Saved data entries:
(* Let $K$ be a number field, let $X\subseteq M_d(K)$ be closed in the linear Zariski topology, let $\mathcal S=\langle X\rangle$, and let $R\subseteq\mathcal S$ be a set of completely pseudo-regular matrices. (1) If $A,B\in R$ lie in the same strongly connected component of $G(R)$, then $A\sim_{\mathcal S}B$. (2) For every $r$, the graph $G(R)$ has at most $\binom{d}{r}$ strongly connected components consisting of matrices of rank $r$.
   Context: A matrix $C$ is completely pseudo-regular if it lies in a subgroup of the multiplicative semigroup $M_d(K)$ (equivalently $\operatorname{im}C\cap\ker C=0$). $G(R)$ is the directed graph with vertex set $R$ and a directed edge $A\to B$ whenever $\ker(B)\cap\operatorname{im}(A)=0$ (loops allowed). For $P,Q\in M_d(K)$ write $P\parallel Q$ if $\operatorname{im}P=\operatorname{im}Q$ and $\ker P=\ker Q$; for $P,Q\in\mathcal S$, $P\sim_{\mathcal S}Q$ means there exist $C,D,C',D'\in\mathcal S\cup\{I\}$ with $Q\parallel DPC$ and $P\parallel D'QC'$. *)

From HB Require Import structures.
From mathcomp Require Import all_boot all_order all_algebra all_field.
Set Implicit Arguments. Unset Strict Implicit. Unset Printing Implicit Defensive.
Import GRing.Theory.
Local Open Scope ring_scope.

(* Matrices act on COLUMN vectors, as in the paper.  In MathComp's row-space
   language: the column space im A is the row space of A^T, and
   ker A = {v | A v = 0} corresponds to kermx A^T. *)
Section Defs.
Variables (K : fieldType) (d : nat).
Local Notation M := 'M[K]_d.

Definition mx_im (A : M) : M := A^T.
Definition mx_ker (A : M) : M := kermx A^T.

(* Linear Zariski topology: closed sets are finite unions of affine
   subspaces P + W of M_d(K), W a K-linear subspace (encoded via mxvec). *)
Definition linZariski_closed (X : M -> Prop) : Prop :=
  exists s : seq (M * 'M[K]_(d * d)),
    forall A, X A <-> has (fun p => (mxvec (A - p.1) <= p.2)%MS) s.

Inductive gen_semigroup (X : M -> Prop) : M -> Prop :=
| gen_base A : X A -> gen_semigroup X A
| gen_mul A B : gen_semigroup X A -> gen_semigroup X B -> gen_semigroup X (A *m B).

Definition completely_pseudo_regular (C : M) : Prop :=
  exists (G : M -> Prop) (e : M),
    [/\ G C, G e,
        (forall x y, G x -> G y -> G (x *m y)),
        (forall x, G x -> e *m x = x /\ x *m e = x) &
        (forall x, G x -> exists y, [/\ G y, x *m y = e & y *m x = e])].

Definition mx_parallel (P Q : M) : Prop :=
  (mx_im P == mx_im Q)%MS /\ (mx_ker P == mx_ker Q)%MS.

Definition sim_S (S : M -> Prop) (P Q : M) : Prop :=
  exists C D C' D' : M,
    [/\ S C \/ C = 1%:M, S D \/ D = 1%:M, S C' \/ C' = 1%:M & S D' \/ D' = 1%:M] /\
    mx_parallel Q (D *m P *m C) /\ mx_parallel P (D' *m Q *m C').

Definition GR_edge (R : M -> Prop) (A B : M) : Prop :=
  [/\ R A, R B & (mx_ker B :&: mx_im A == (0 : M))%MS].

Inductive GR_reach (R : M -> Prop) : M -> M -> Prop :=
| reach_refl A : R A -> GR_reach R A A
| reach_step A B C : GR_edge R A B -> GR_reach R B C -> GR_reach R A C.

Definition same_scc (R : M -> Prop) (A B : M) : Prop :=
  GR_reach R A B /\ GR_reach R B A.

End Defs.

(* Along an edge A -> B of G(R) the matrix B is injective on im A, so composing
   along a path from A to B gives D ∈ S ∪ {I} with rank (D A) = rank A and
   im (D A) ⊆ im B.  As a completely pseudo-regular A is injective on its own
   image, the product D A C B built from paths A ~> B and B ~> A has the rank of
   B, its image lies in im B and its kernel contains ker B; so it is ∥ B.
   For the count, factor each A_i = P_i Q_i through K^r.  Then A_i -> A_j is an
   edge iff det (Q_j P_i) != 0, so G = (det (Q_j P_i))_ij has a nonzero
   diagonal, and a permutation supported on nonzero entries of G would close
   cycles through distinct components; hence det G is its diagonal product and
   G is invertible.  By (a weak form of) Cauchy-Binet, G factors through the
   C(d, r) maximal minors of the P_i. *)

From HB Require Import structures.
From mathcomp Require Import all_boot all_order all_algebra all_field all_fingroup.
Set Implicit Arguments. Unset Strict Implicit. Unset Printing Implicit Defensive.
Import GRing.Theory.
Local Open Scope ring_scope.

*Exercise*
Repeat the data precisely, line by line.

*Answer below*
(* Let $K$ be a number field, let $X\subseteq M_d(K)$ be closed in the linear Zariski topology, let $\mathcal S=\langle X\rangle$, and let $R\subseteq\mathcal S$ be a set of completely pseudo-regular matrices. (1) If $A,B\in R$ lie in the same strongly connected component of $G(R)$, then $A\sim_{\mathcal S}B$. (2) For every $r$, the graph $G(R)$ has at most $\binom{d}{r}$ strongly connected components consisting of matrices of rank $r$.
   Context: A matrix $C$ is completely pseudo-regular if it lies in a subgroup of the multiplicative semigroup $M_d(K)$ (equivalently $\operatorname{im}C\cap\ker C=0$). $G(R)$ is the directed graph with vertex set $R$ and a directed edge $A\to B$ whenever $\ker(B)\cap\operatorname{im}(A)=0$ (loops allowed). For $P,Q\in M_d(K)$ write $P\parallel Q$ if $\operatorname{im}P=\operatorname{im}Q$ and $\ker P=\ker Q$; for $P,Q\in\mathcal S$, $P\sim_{\mathcal S}Q$ means there exist $C,D,C',D'\in\mathcal S\cup\{I\}$ with $Q\parallel DPC$ and $P\parallel D'QC'$. *)

From HB Require Import structures.
From mathcomp Require Import all_boot all_order all_algebra all_field.
Set Implicit Arguments. Unset Strict Implicit. Unset Printing Implicit Defensive.
Import GRing.Theory.
Local Open Scope ring_scope.

(* Matrices act on COLUMN vectors, as in the paper.  In MathComp's row-space
   language: the column space im A is the row space of A^T, and
   ker A = {v | A v = 0} corresponds to kermx A^T. *)
Section Defs.
Variables (K : fieldType) (d : nat).
Local Notation M := 'M[K]_d.

Definition mx_im (A : M) : M := A^T.
Definition mx_ker (A : M) : M := kermx A^T.

(* Linear Zariski topology: closed sets are finite unions of affine
   subspaces P + W of M_d(K), W a K-linear subspace (encoded via mxvec). *)
Definition linZariski_closed (X : M -> Prop) : Prop :=
  exists s : seq (M * 'M[K]_(d * d)),
    forall A, X A <-> has (fun p => (mxvec (A - p.1) <= p.2)%MS) s.

Inductive gen_semigroup (X : M -> Prop) : M -> Prop :=
| gen_base A : X A -> gen_semigroup X A
| gen_mul A B : gen_semigroup X A -> gen_semigroup X B -> gen_semigroup X (A *m B).

Definition completely_pseudo_regular (C : M) : Prop :=
  exists (G : M -> Prop) (e : M),
    [/\ G C, G e,
        (forall x y, G x -> G y -> G (x *m y)),
        (forall x, G x -> e *m x = x /\ x *m e = x) &
        (forall x, G x -> exists y, [/\ G y, x *m y = e & y *m x = e])].

Definition mx_parallel (P Q : M) : Prop :=
  (mx_im P == mx_im Q)%MS /\ (mx_ker P == mx_ker Q)%MS.

Definition sim_S (S : M -> Prop) (P Q : M) : Prop :=
  exists C D C' D' : M,
    [/\ S C \/ C = 1%:M, S D \/ D = 1%:M, S C' \/ C' = 1%:M & S D' \/ D' = 1%:M] /\
    mx_parallel Q (D *m P *m C) /\ mx_parallel P (D' *m Q *m C').

Definition GR_edge (R : M -> Prop) (A B : M) : Prop :=
  [/\ R A, R B & (mx_ker B :&: mx_im A == (0 : M))%MS].

Inductive GR_reach (R : M -> Prop) : M -> M -> Prop :=
| reach_refl A : R A -> GR_reach R A A
| reach_step A B C : GR_edge R A B -> GR_reach R B C -> GR_reach R A C.

Definition same_scc (R : M -> Prop) (A B : M) : Prop :=
  GR_reach R A B /\ GR_reach R B A.

End Defs.

(* Along an edge A -> B of G(R) the matrix B is injective on im A, so composing
   along a path from A to B gives D ∈ S ∪ {I} with rank (D A) = rank A and
   im (D A) ⊆ im B.  As a completely pseudo-regular A is injective on its own
   image, the product D A C B built from paths A ~> B and B ~> A has the rank of
   B, its image lies in im B and its kernel contains ker B; so it is ∥ B.
   For the count, factor each A_i = P_i Q_i through K^r.  Then A_i -> A_j is an
   edge iff det (Q_j P_i) != 0, so G = (det (Q_j P_i))_ij has a nonzero
   diagonal, and a permutation supported on nonzero entries of G would close
   cycles through distinct components; hence det G is its diagonal product and
   G is invertible.  By (a weak form of) Cauchy-Binet, G factors through the
   C(d, r) maximal minors of the P_i. *)

From HB Require Import structures.
From mathcomp Require Import all_boot all_order all_algebra all_field all_fingroup.
Set Implicit Arguments. Unset Strict Implicit. Unset Printing Implicit Defensive.
Import GRing.Theory.
Local Open Scope ring_scope.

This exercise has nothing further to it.